While the Washington Post could not immediately verify how or when a name change could occur, such a move will likely require an act of Congress, because the Defense Department was created through that governing body. The Defense Department could not be immediately reached for comment.
President George Washington created the War Department in 1789. It oversaw the Army, while the Navy and Marine Corps were overseen by a separate Department of the Navy starting in 1798. This structure remained until 1947, when Truman received Congress’s approval to create a National Defense Establishment to oversee the Army, Navy and the newly formed Air Force. In 1949, the National Defense Establishment became today’s Department of Defense.
Truman had announced plans for such a new governing structure as early as April 1946, when he said his policy goal was “unification of all our armed services in a single department.”
“Unification does not mean subordination of any branch of the service,” Truman told a crowd in Chicago, perhaps cognizant of potential resistance among Army generals or Navy admirals viewing his proposal as a threat to their respective service’s traditional autonomy.
“It does not mean a loss of identity.

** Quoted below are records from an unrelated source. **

Lemma reduced_cost_separated (th : R) : 0 < th -> exists d, 0 < d /\
  forall K, 0 < K -> th <= Rabs (K - K0) ->
    reduced_cost Rt kap ps s K0 + d <= reduced_cost Rt kap ps s K.
Proof.
  intros Hth.
  set (th' := Rmin th (K0 / 2)).
  assert (Hth' : 0 < th' <= K0 / 2)
    by (split; [apply Rmin_glb_lt; lra | apply Rmin_r]).
  pose proof (Rmin_l th (K0 / 2)) as Hth'th; fold th' in Hth'th.
  set (f := reduced_cost Rt kap ps s).
  exists (Rmin (f (K0 - th') - f K0) (f (K0 + th') - f K0)); split.
  { apply Rmin_glb_lt.
    - enough (f K0 < f (K0 - th')) by lra; apply reduced_cost_decreasing; lra.
    - enough (f K0 < f (K0 + th')) by lra; apply reduced_cost_increasing; lra. }
  intros K HK Hfar.
  destruct (Rle_or_lt K K0) as [HKle | HKgt].
  - rewrite Rabs_left1 in Hfar by lra.
    assert (f (K0 - th') <= f K).
    { destruct (Req_dec K (K0 - th')) as [-> | Hne]; [lra|].
      left; apply reduced_cost_decreasing; lra. }
    pose proof (Rmin_l (f (K0 - th') - f K0) (f (K0 + th') - f K0)); unfold f in *; lra.
  - rewrite Rabs_right in Hfar by lra.
    assert (f (K0 + th') <= f K).
    { destruct (Req_dec K (K0 + th')) as [-> | Hne]; [lra|].
      left; apply reduced_cost_increasing; lra. }
    pose proof (Rmin_r (f (K0 - th') - f K0) (f (K0 + th') - f K0)); unfold f in *; lra.
Qed.

Lemma reduced_cost_perturbed (Km eps : R) : 0 < eps -> exists del, 0 < del /\
  forall s' K, Rabs (s' - s) < del -> 1 <= K <= Km ->
    reduced_cost Rt kap ps s' K0 - eps * Rabs (s' - s) <= reduced_cost Rt kap ps s' K.
Proof.
  intros Heps.
  set (q := fun K => 2 * rate_term Rt K).
  assert (Hq : forall s' K, reduced_cost Rt kap ps s' K
                            = reduced_cost Rt kap ps s K + (s' - s) * q K)
    by (intros; unfold reduced_cost, q; ring).
  destruct (perturbed_min_stable (fun K => 1 <= K <= Km) (reduced_cost Rt kap ps s) q K0
              (2 * sqrt (Km * pow2 Rt) + 2 * rate_term Rt K0)) with eps
    as [del [Hdel Hstable]]; [| | | | exact Heps |].
  - intros K HK; apply reduced_cost_min; lra.
  - intros K HK; unfold q.
    pose proof (rate_term_le Km K HK); pose proof (rate_term_pos K ltac:(lra));
      pose proof (rate_term_pos K0 HK0).
    apply Rabs_le; lra.
  - intros e He.
    destruct (is_derive_continuous_eps q K0 _ (is_derive_scal _ _ 2 _ (rate_term_derive K0 HK0))
                e He) as [th [Hth Hcont]].
    exists th; split; [exact Hth|]; intros K _; apply Hcont.
  - intros th Hth; destruct (reduced_cost_separated th Hth) as [d [Hd Hsep]].
    exists d; split; [exact Hd|]; intros K HK; apply Hsep; lra.
  - exists del; split; [exact Hdel|]; intros s' K Hs' HK.
    specialize (Hstable (s' - s) K Hs' HK).
    rewrite !(Hq s'); lra.
Qed.

End Minimum.

End ReducedCost.

Definition cost_scale (alpha pr N0 B G : R) : R := sqrt (alpha * pr * N0 * B / G).

Section Scaling.

Variables (alpha Rt N0 B T pr pd ps C0 : R).
Hypotheses (Halpha : 0 < alpha) (HRt : 0 < Rt) (HN0 : 0 < N0) (HB : 0 < B)
  (Hpr : 0 < pr) (Hpd : 0 < pd) (Hps : 0 < ps) (HC0 : 0 < C0).

Let s := cost_scale alpha pr N0 B.
Let Km := K_max T (pd / pr) (C0 * B / pr).

Lemma cost_scale_pos (G : R) : 0 < G -> 0 < s G.
Proof. intros HG; apply sqrt_lt_R0, Rdiv_lt_0_compat; [repeat apply Rmult_lt_0_compat |]; lra. Qed.
(* Let $Y$ be a real symmetric log-concave random variable, $p\geq 2$ and $V>0$ with $\|Y\|_p\geq V$. Then $\mathbb{E}(|Y|\wedge V)^p\geq (V/12)^p$.
   Context: $\|Y\|_p:=(\mathbb{E}|Y|^p)^{1/p}$; $a\wedge b=\min\{a,b\}$. A real random variable is log-concave if its law $\mu$ satisfies $\mu(\lambda K+(1-\lambda)L)\geq\mu(K)^\lambda\mu(L)^{1-\lambda}$ for all nonempty compact $K,L\subset\mathbb{R}$ and $\lambda\in[0,1]$; symmetric means $Y$ and $-Y$ have the same law. *)

From Stdlib Require Import Reals Lra Rtopology.
Open Scope R_scope.

Definition sigma_algebra (S : (R -> Prop) -> Prop) : Prop :=
  S (fun _ => True) /\
  (forall A, S A -> S (fun x => ~ A x)) /\
  (forall A : nat -> R -> Prop, (forall n, S (A n)) -> S (fun x => exists n, A n x)).

Definition borel (A : R -> Prop) : Prop :=
  forall S, sigma_algebra S -> (forall a b, S (fun x => a < x < b)) -> S A.

(* A Borel probability measure on R (the law of a real random variable). *)
Definition is_prob_measure (mu : (R -> Prop) -> R) : Prop :=
  (forall A, borel A -> 0 <= mu A) /\
  mu (fun _ => True) = 1 /\
  (forall A : nat -> R -> Prop,
     (forall n, borel (A n)) ->
     (forall n m x, n <> m -> A n x -> A m x -> False) ->
     infinite_sum (fun n => mu (A n)) (mu (fun x => exists n, A n x))).

Definition rpow (a lam : R) : R :=
  if Rlt_dec 0 a then Rpower a lam else if Req_EM_T lam 0 then 1 else 0.

Definition powp (x p : R) : R :=
  if Rlt_dec 0 x then Rpower x p else 0.

Definition mink (lam : R) (K L : R -> Prop) : R -> Prop :=
  fun z => exists x y, K x /\ L y /\ z = lam * x + (1 - lam) * y.

Definition log_concave (mu : (R -> Prop) -> R) : Prop :=
  forall (K L : R -> Prop) (lam : R),
    compact K -> compact L -> (exists x, K x) -> (exists y, L y) ->
    0 <= lam <= 1 ->
    mu (mink lam K L) >= rpow (mu K) lam * rpow (mu L) (1 - lam).

Definition symmetric (mu : (R -> Prop) -> R) : Prop :=
  forall A, borel A -> mu (fun x => A (- x)) = mu A.

(* For a nonnegative (Borel) function g, "E g(Y) >= c" where Y ~ mu,
   with E g(Y) computed by the layer-cake formula
   E g(Y) = \int_0^\infty mu{g > t} dt  (possibly +infinity),
   i.e. the supremum over T of the Riemann integrals over [0,T]
   (the integrand is monotone, hence Riemann integrable). *)
Definition expect_ge (mu : (R -> Prop) -> R) (g : R -> R) (c : R) : Prop :=
  forall c', c' < c ->
    exists (T : R) (pr : Riemann_integrable (fun t => mu (fun y => t < g y)) 0 T),
      0 <= T /\ c' < RiemannInt pr.

From Stdlib Require Import Reals Rtopology RList.
From Stdlib Require Import Lra Lia Classical ClassicalEpsilon FunctionalExtensionality PropExtensionality.
Open Scope R_scope.

(* Write H(c) = mu [c, +oo).  Log-concavity applied to [0, M] and [2x, M] with weight 1/2
   gives H(0) H(2x) <= H(x)^2, and H(0) >= 1/2 by symmetry, so H(2x) <= 2 H(x)^2 and
   P(|Y| >= 2^k s) <= (2 H(s))^(k+1).  Take s = V/2.  If H(s) 6^p >= 1, then
   E min(|Y|, V)^p >= H(s) s^p >= (V/12)^p.  Otherwise 2 H(s) 2^p <= 1/2, and cutting the
   layer-cake integral of |Y|^p at the levels (2^k s)^p bounds E|Y|^p by 2 s^p < V^p. *)

Lemma set_ext (A B : R -> Prop) : (forall x, A x <-> B x) -> A = B.
Proof.
  intros H. apply functional_extensionality. intros x.
  apply propositional_extensionality. apply H.
Qed.

Definition pair_seq (A B : R -> Prop) (n : nat) : R -> Prop :=
  match n with 0 => A | 1 => B | _ => fun _ => False end.

Lemma pair_seq_union (A B : R -> Prop) :
  (fun x => exists n, pair_seq A B n x) = (fun x => A x \/ B x).
Proof.
  apply set_ext. intros x. split.
  - intros [[|[|n]] H]; simpl in H; tauto.
  - intros [H|H]; [exists 0%nat|exists 1%nat]; exact H.
Qed.

Lemma nat_big (x : R) : {n : nat | x < INR n}.
Proof.
  apply constructive_indefinite_description.
  destruct (INR_unbounded x) as [n Hn]. exists n. lra.
Qed.

Lemma floor_ex (m : nat) (x : R) : 0 <= x < INR m -> exists k : nat, INR k <= x < INR k + 1.
Proof.
  revert x. induction m as [|m IH]; intros x Hx.
  - simpl in Hx. lra.
  - rewrite S_INR in Hx. destruct (Rlt_le_dec x (INR m)).
    + apply IH. lra.
    + exists m. lra.
Qed.

Lemma INR_le_pow2 (n : nat) : INR n <= 2 ^ n.
Proof.
  induction n as [|n IH]; [simpl; lra|]. rewrite S_INR. simpl.
  assert (1 <= 2 ^ n) by (apply pow_R1_Rle; lra). lra.
Qed.

Lemma borel_full : borel (fun _ => True).
Proof. intros S [H _] _. exact H. Qed.

Lemma borel_compl (A : R -> Prop) : borel A -> borel (fun x => ~ A x).
Proof. intros HA S HS Hi. pose proof HS as [_ [Hc _]]. apply Hc, HA; auto. Qed.

Lemma borel_countable_union (A : nat -> R -> Prop) :
  (forall n, borel (A n)) -> borel (fun x => exists n, A n x).
Proof. intros HA S HS Hi. pose proof HS as [_ [_ Hu]]. apply Hu. intros n. apply HA; auto. Qed.

Lemma borel_ext (A B : R -> Prop) : borel A -> (forall x, A x <-> B x) -> borel B.
Proof. intros HA H. rewrite <- (@set_ext A B H). exact HA. Qed.

Lemma borel_empty : borel (fun _ => False).
Proof. apply borel_ext with (fun _ => ~ True); [apply borel_compl, borel_full|tauto]. Qed.

Lemma borel_pair_seq (A B : R -> Prop) :
  borel A -> borel B -> forall n, borel (pair_seq A B n).
Proof. intros HA HB [|[|n]]; simpl; auto using borel_empty. Qed.

Lemma borel_union (A B : R -> Prop) : borel A -> borel B -> borel (fun x => A x \/ B x).
Proof.
  intros HA HB. rewrite <- pair_seq_union.
  apply borel_countable_union, borel_pair_seq; assumption.
Qed.

Lemma borel_inter (A B : R -> Prop) : borel A -> borel B -> borel (fun x => A x /\ B x).
Proof.
  intros HA HB. apply borel_ext with (fun x => ~ (~ A x \/ ~ B x)).
  - apply borel_compl, borel_union; apply borel_compl; assumption.
  - intros x. split; [|tauto]. intros H. split; apply NNPP; tauto.
Qed.

Lemma borel_open_interval (a b : R) : borel (fun x => a < x < b).
Proof. intros S _ Hi. apply Hi. Qed.

Lemma borel_gt (a : R) : borel (fun x => a < x).
Proof.
  apply borel_ext with (fun x => exists n : nat, a < x < a + INR n + 1).
  - apply borel_countable_union. intros n. apply borel_open_interval.
  - intros x. split; [intros [n Hn]; lra|].
    intros H. destruct (nat_big (x - a)) as [n Hn]. exists n. lra.
Qed.

Lemma borel_lt (b : R) : borel (fun x => x < b).
Proof.
  apply borel_ext with (fun x => exists n : nat, b - INR n - 1 < x < b).
  - apply borel_countable_union. intros n. apply borel_open_interval.
  - intros x. split; [intros [n Hn]; lra|].
    intros H. destruct (nat_big (b - x)) as [n Hn]. exists n. lra.
Qed.

Lemma borel_ge (a : R) : borel (fun x => a <= x).
Proof. apply borel_ext with (fun x => ~ x < a); [apply borel_compl, borel_lt|intros x; lra]. Qed.

Lemma borel_le (b : R) : borel (fun x => x <= b).
Proof. apply borel_ext with (fun x => ~ b < x); [apply borel_compl, borel_gt|intros x; lra]. Qed.

Lemma borel_closed_interval (a b : R) : borel (fun x => a <= x <= b).
Proof. apply borel_inter; [apply borel_ge|apply borel_le]. Qed.

Section UpwardClosed.
Variable P : R -> Prop.
Hypothesis P_up : forall u u', 0 <= u <= u' -> P u -> P u'.

Lemma upclosed_threshold (x0 c0 : R) : 0 <= x0 -> P x0 -> 0 <= c0 -> ~ P c0 ->
  exists r, 0 <= r /\ (forall u, r < u -> P u) /\ (forall u, 0 <= u < r -> ~ P u).
Proof.
  intros Hx0 Px0 Hc0 Pc0.
  destruct (completeness (fun c => 0 <= c /\ ~ P c)) as [r [Hub Hlub]].
  { exists x0. intros c [Hc Pc]. apply Rnot_lt_le. intros Hlt. apply Pc, (P_up x0 c); [lra|exact Px0]. }
  { exists c0. auto. }
  assert (Hr : 0 <= r) by (apply Rle_trans with c0; auto).
  exists r. split; [exact Hr|split].
  - intros u Hru. apply NNPP. intros Pu.
    assert (u <= r) by (apply Hub; split; [lra|exact Pu]). lra.
  - intros u Hu Pu. assert (r <= u); [|lra]. apply Hlub. intros c [Hc Pc].
    apply Rnot_lt_le. intros Hlt. apply Pc, (P_up u c); [lra|exact Pu].
Qed.
Lemma window_average_increment :
  (forall sg, Rabs (s (sg + h) - s sg - h) < h / 2) ->
  forall a b, a <= b -> 1 / 2 * (b - a) <= window_average b - window_average a <= 3 / 2 * (b - a).
Proof.
  intros Hinc a b Hab.
  assert (Hex : forall u v, ex_RInt s u v) by (intros; apply ex_RInt_of_continuity, s_cont).
  assert (Hsh : continuity (fun u => s (u + h))).
  { apply (continuity_comp (fun u => u + h) s); [|exact s_cont].
    apply continuity_plus; [apply derivable_continuous, derivable_id|].
    apply continuity_const; intros ? ?; reflexivity. }
  assert (Hsc : forall c, continuity (fun u => s u + c)).
  { intros c. apply continuity_plus; [exact s_cont|]. apply continuity_const; intros ? ?; reflexivity. }
  (* the average moves by the integral of [s (u + h) - s u], which lies between [h/2] and [3h/2] *)
  assert (E : window_average b - window_average a = (RInt (fun u => s (u + h)) a b - RInt s a b) / h).
  { unfold window_average. rewrite RInt_shift by apply Hex.
    pose proof (RInt_Chasles s a (a + h) (b + h) (Hex _ _) (Hex _ _)).
    pose proof (RInt_Chasles s a b (b + h) (Hex _ _) (Hex _ _)).
    change (plus ?x ?y) with (x + y) in *.
    unfold Rdiv. rewrite <- Rmult_minus_distr_r. f_equal. lra. }
  assert (L : RInt (fun u => s u + h / 2) a b <= RInt (fun u => s (u + h)) a b).
  { apply RInt_le; [exact Hab| apply ex_RInt_of_continuity, Hsc| apply ex_RInt_of_continuity, Hsh|].
    intros x _. pose proof (Hinc x) as H0. apply Rabs_def2 in H0. lra. }
  assert (U : RInt (fun u => s (u + h)) a b <= RInt (fun u => s u + 3 * h / 2) a b).
  { apply RInt_le; [exact Hab| apply ex_RInt_of_continuity, Hsh| apply ex_RInt_of_continuity, Hsc|].
    intros x _. pose proof (Hinc x) as H0. apply Rabs_def2 in H0. lra. }
  rewrite !RInt_plus_const in L, U by apply Hex.
  rewrite E. set (D := RInt (fun u => s (u + h)) a b - RInt s a b).
  assert (Dh : D / h * h = D) by (field; lra).
  assert (HD : (b - a) * (h / 2) <= D <= (b - a) * (3 * h / 2)) by (unfold D; lra).
  set (q := D / h) in *. split; nra.
Qed.

Lemma window_average_close mu :
  (forall sg sg', sg <= sg' <= sg + h -> Rabs (s sg' - s sg) < mu) ->
  forall sg, Rabs (window_average sg - s sg) <= mu.
Proof.
  intros Hosc sg. unfold window_average.
  assert (Hex : ex_RInt s sg (sg + h)) by apply ex_RInt_of_continuity, s_cont.
  assert (L : RInt (fun _ => s sg - mu) sg (sg + h) <= RInt s sg (sg + h)).
  { apply RInt_le; [lra| apply ex_RInt_const| exact Hex|].
    intros x Hx. pose proof (Hosc sg x ltac:(lra)) as H0. apply Rabs_def2 in H0. lra. }
  assert (U : RInt s sg (sg + h) <= RInt (fun _ => s sg + mu) sg (sg + h)).
  { apply RInt_le; [lra| exact Hex| apply ex_RInt_const|].
    intros x Hx. pose proof (Hosc sg x ltac:(lra)) as H0. apply Rabs_def2 in H0. lra. }
  rewrite !RInt_const_real in L, U. replace (sg + h - sg) with h in L, U by ring.
  replace (RInt s sg (sg + h) / h - s sg) with ((RInt s sg (sg + h) - h * s sg) / h) by (field; lra).
  rewrite Rabs_div, (Rabs_right h) by lra.
  apply Rmult_le_reg_r with h; [exact h_pos|].
  unfold Rdiv. rewrite Rmult_assoc, Rinv_l, Rmult_1_r by lra.
  apply Rabs_le. nra.
Qed.

End WindowAverage.

(* The homeomorphism is the moving average of [s] over windows of length [h]. *)
Lemma increasing_homeo_near (s : R -> R) h mu : continuity s -> 0 < h ->
  (forall sg, Rabs (s (sg + h) - s sg - h) < h / 2) ->
  (forall sg sg', sg <= sg' <= sg + h -> Rabs (s sg' - s sg) < mu) ->
  exists H, increasing_homeo H /\ forall sg, Rabs (H sg - s sg) <= mu.
Proof.
  intros Hs Hh Hinc Hosc. exists (window_average s h). split.
  - apply (increasing_homeo_of_bilipschitz _ (1 / 2) (3 / 2)); [lra| lra|].
    exact (window_average_increment s h Hs Hh Hinc).
  - exact (window_average_close s h Hs Hh mu Hosc).
Qed.

Section MetricSpaceFacts.
Variable X : MetricSpace.

Lemma d_refl (x : X) : d x x = 0.
Proof. apply d_eq0. reflexivity. Qed.

Lemma d_pos_of_neq (x y : X) : x <> y -> 0 < d x y.
Proof.
  intros Hxy. destruct (d_nonneg X x y) as [H|H]; [exact H|].
  exfalso. apply Hxy. apply d_eq0. symmetry. exact H.
Qed.

Lemma ball_open (z : X) r : Defs.open_set X (fun w => d z w < r).
Proof.
  intros x Hx. exists (r - d z x). split; [lra|].
  intros y Hy. pose proof (d_triangle X z x y). lra.
Qed.

Lemma finite_ball_cover (K : X -> Prop) (rad : X -> R) :
  compact_set X K -> (forall x, 0 < rad x) ->
  exists l, forall y, K y -> exists z, In z l /\ K z /\ d z y < rad z.
Proof.
  intros HK Hr.
  destruct (HK X (fun z w => K z /\ d z w < rad z)) as [l Hl].
  - intros z w [Kz Hw]. destruct (ball_open z (rad z) w Hw) as [e [He Hb]].
    exists e. split; [exact He|]. intros y Hy. split; [exact Kz| exact (Hb y Hy)].
  - intros x Kx. exists x. split; [exact Kx|]. rewrite d_refl. apply Hr.
  - exists l. intros y Ky. destruct (Hl y Ky) as [z [Hz [Kz Hzy]]]. exists z. auto.
Qed.

Lemma lebesgue_number (K : X -> Prop) (rad : X -> R) :
  compact_set X K -> (forall x, 0 < rad x) ->
  exists e, 0 < e /\ forall y, K y ->
    exists z, K z /\ e <= rad z /\ forall w, d y w < e -> d z w < rad z.
Proof.
  intros HK Hr.
  destruct (finite_ball_cover K (fun x => rad x / 2) HK) as [l Hl].
  { intros x. specialize (Hr x). lra. }
  destruct (list_min_pos (fun x => rad x / 2) l) as [e [He Hmin]].
  { intros z _. specialize (Hr z). lra. }
  exists e. split; [exact He|]. intros y Ky.
  destruct (Hl y Ky) as [z [Hz [Kz Hzy]]]. specialize (Hmin z Hz). simpl in *.
  exists z. split; [exact Kz|]. split; [specialize (Hr z); lra|].
  intros w Hw. pose proof (d_triangle X z y w). lra.
Qed.

Lemma compact_bounded : compact_space X -> exists B, forall a b : X, d a b <= B.
Proof.
  intros Hc. destruct (finite_ball_cover (fun _ => True) (fun _ => 1) Hc) as [l Hl]; [intros; lra|].
  destruct (list_max_bound (fun p : X * X => d (fst p) (snd p)) (list_prod l l)) as [M HM].
  exists (M + 2). intros a b.
  destruct (Hl a I) as [za [Ha [_ Ha']]]. destruct (Hl b I) as [zb [Hb [_ Hb']]].
  pose proof (HM (za, zb) (in_prod _ _ _ _ Ha Hb)). simpl in *.
  pose proof (d_triangle X a za b). pose proof (d_triangle X za zb b).
  rewrite d_sym in Ha'. lra.
Qed.

Lemma d_le_diam : compact_space X -> forall a b : X, d a b <= diam X.
Proof.
  intros Hc a b. destruct (compact_bounded Hc) as [B HB]. unfold diam.
  set (D := fun r => exists x y : X, r = d x y).
  destruct (Lub_Rbar_correct D) as [Hub Hlub].
  assert (H1 : Rbar_le (d a b) (Lub_Rbar D)) by (apply Hub; exists a, b; reflexivity).
  assert (H2 : Rbar_le (Lub_Rbar D) B) by (apply Hlub; intros r [x [y ->]]; apply HB).
  destruct (Lub_Rbar D); simpl in *; tauto.
Qed.

Lemma diam_pos_of_neq (x y : X) : compact_space X -> x <> y -> 0 < diam X.
Proof.
  intros Hc Hxy. pose proof (d_pos_of_neq x y Hxy). pose proof (d_le_diam Hc x y). lra.
Qed.

(* [dist] is [diam X] on the empty set, hence the [Rmin]. *)
Lemma dist_ge_of_far (A : X -> Prop) rho (w : X) :
  (forall a, A a -> rho <= d w a) -> Rmin rho (diam X) <= Defs.dist X w A.
Proof.
  intros Hfar. unfold Defs.dist.
  destruct (excluded_middle_informative (exists a, A a)) as [[a Ha]|_]; [|apply Rmin_r].
  set (D := fun r => exists a, A a /\ r = d w a).
  destruct (Glb_Rbar_correct D) as [Hlb Hglb].
  assert (H1 : Rbar_le (Glb_Rbar D) (d w a)) by (apply Hlb; exists a; split; auto).
  assert (H2 : Rbar_le rho (Glb_Rbar D)) by (apply Hglb; intros r [b [Hb ->]]; apply Hfar, Hb).
  destruct (Glb_Rbar D); simpl in *; try tauto.
  eapply Rle_trans; [apply Rmin_l| exact H2].
Qed.

Lemma countable_family_of_code (F : (X -> Prop) -> Prop) (Code : (X -> Prop) -> nat -> Prop) :
  (forall O, F O -> exists n, Code O n) ->
  (forall O O' n, Code O n -> Code O' n -> O = O') -> countable_family X F.
Proof.
  intros Hex Huniq.
  assert (Hch : forall O, exists n, F O -> Code O n).
  { intros O. destruct (classic (F O)) as [HO|HO].
    - destruct (Hex O HO) as [n Hn]. exists n. intros _. exact Hn.
    - exists 0%nat. intros H. contradiction. }
  destruct (choice _ Hch) as [code Hcode].
  exists code. intros O1 O2 H1 H2 E.
  apply (Huniq _ _ (code O1)); [apply Hcode, H1| rewrite E; apply Hcode, H2].
Qed.

Lemma finite_family_of_code {C : Type} (F : (X -> Prop) -> Prop) (Code : (X -> Prop) -> C -> Prop)
  (l : list C) :
  (forall O, F O -> exists c, In c l /\ Code O c) ->
  (forall O O' c, Code O c -> Code O' c -> O = O') -> finite_family X F.
Proof.
  intros Hex Huniq.
  set (decode := fun c => epsilon (inhabits (fun _ : X => False)) (fun O => Code O c)).
  exists (map decode l). intros O HO.
  destruct (Hex O HO) as [c [Hc HOc]].
  apply in_map_iff. exists c. split; [|exact Hc].
  apply (Huniq _ _ c); [|exact HOc].
  apply (epsilon_spec (inhabits (fun _ : X => False)) (fun O => Code O c)). exists O. exact HOc.
Qed.

End MetricSpaceFacts.

Section Flow.
Variables (X : MetricSpace) (phi : R -> X -> X).
Hypothesis X_compact : compact_space X.
Hypothesis phi_flow : is_flow X phi.

Lemma phi_0 x : phi 0 x = x.
Proof. apply phi_flow. Qed.

Lemma phi_add t s x : phi (t + s) x = phi t (phi s x).
Proof. apply phi_flow. Qed.

Lemma phi_opp_l t x : phi (- t) (phi t x) = x.
Proof. rewrite <- phi_add. replace (- t + t) with 0 by ring. apply phi_0. Qed.

Lemma phi_continuous t x eps : 0 < eps -> exists delta, 0 < delta /\
  forall s y, Rabs (s - t) < delta -> d x y < delta -> d (phi t x) (phi s y) < eps.
Proof. apply phi_flow. Qed.

Lemma flow_small_time_uniform eps : 0 < eps ->
  exists eta, 0 < eta /\ forall t y, Rabs t < eta -> d y (phi t y) < eps.
Proof.
  intros He.
  assert (Hloc : forall x, exists r, 0 < r /\
    forall s y, Rabs s < r -> d x y < r -> d x (phi s y) < eps / 2).
  { intros x. destruct (phi_continuous 0 x (eps / 2)) as [r [Hr Hc]]; [lra|].
    exists r. split; [exact Hr|]. intros s y Hs Hy. rewrite <- (phi_0 x) at 1.
    apply Hc; [rewrite Rminus_0_r; exact Hs| exact Hy]. }
  destruct (choice _ Hloc) as [rad Hrad].
  destruct (lebesgue_number X (fun _ => True) rad X_compact) as [e [He' Hleb]]; [apply Hrad|].
  exists e. split; [exact He'|]. intros t y Ht.
  destruct (Hleb y I) as [z [_ [Hez Hz]]].
  assert (Hzy : d z y < rad z) by (apply Hz; rewrite d_refl; exact He').
  assert (A1 : d z (phi t y) < eps / 2) by (apply Hrad; lra).
  assert (A2 : d z (phi 0 y) < eps / 2) by (apply Hrad; [rewrite Rabs_R0; apply Hrad| exact Hzy]).
  rewrite phi_0, d_sym in A2. pose proof (d_triangle X y z (phi t y)). lra.
Qed.

Lemma flow_time_map_uniform t eps : 0 < eps ->
  exists eta, 0 < eta /\ forall y y', d y y' < eta -> d (phi t y) (phi t y') < eps.
Proof.
  intros He.
  assert (Hloc : forall x, exists r, 0 < r /\ forall y, d x y < r -> d (phi t x) (phi t y) < eps / 2).
  { intros x. destruct (phi_continuous t x (eps / 2)) as [r [Hr Hc]]; [lra|].
    exists r. split; [exact Hr|]. intros y Hy. apply Hc; [|exact Hy].
    rewrite Rminus_diag, Rabs_R0. exact Hr. }
  destruct (choice _ Hloc) as [rad Hrad].
  destruct (lebesgue_number X (fun _ => True) rad X_compact) as [e [He' Hleb]]; [apply Hrad|].
  exists e. split; [exact He'|]. intros y y' Hyy.
  destruct (Hleb y I) as [z [_ [_ Hz]]].
  pose proof (proj2 (Hrad z) y (Hz y ltac:(rewrite d_refl; exact He'))) as A1.
  pose proof (proj2 (Hrad z) y' (Hz y' Hyy)) as A2.
  rewrite d_sym in A1. pose proof (d_triangle X (phi t y) (phi t z) (phi t y')). lra.
Qed.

It means just what the word says – unification,” Truman continued. “It means a concentration and cohesion of our best military thought and our best military resources, geared to maximum efficiency. It means using our experience in World War II for the peace of the world.”
Skepticism about the creation of the Defense Department and concerns about losing autonomy to other services erupted in the Navy, in an episode known as the 1949 “Revolt of the Admirals.” Senior Navy officers and reservists conspired unsuccessfully to oust Truman’s secretary of defense, Louis Johnson, whom they viewed as hostile to the Navy.
Truman’s reorganization of the U.S. government’s national security apparatus at this time – which also included the creation of the CIA and the National Security Council – “laid the groundwork” for U.S. strategy during the early Cold War, Knapp said. This general strategy aimed to contain Soviet Russia and other adversaries. “So, deterrence was the new game,” he added.
The Defense Department has watched over four major wars. In the 1950-53 Korean War, it managed a U.S.-led allied force that successfully repelled the invasion of South Korea by a Soviet and Chinese-backed North Korea. From 1965 to 1972, it oversaw the Vietnam War, which led to the deaths of tens of thousands of U.S. service members. In the 1990-91 Gulf War, the department successfully defended Kuwait after it was invaded by Saddam Hussein’s Iraq. In more recent wars in Iraq and Afghanistan, it undertook conflicts that did not have it fighting conventional military foes, with unclear results.
Under the War Department, the United States fought the War of 1812, the Mexican-American War, the Civil War, the wars against Native Americans, the Spanish-American War, World War I and World War II.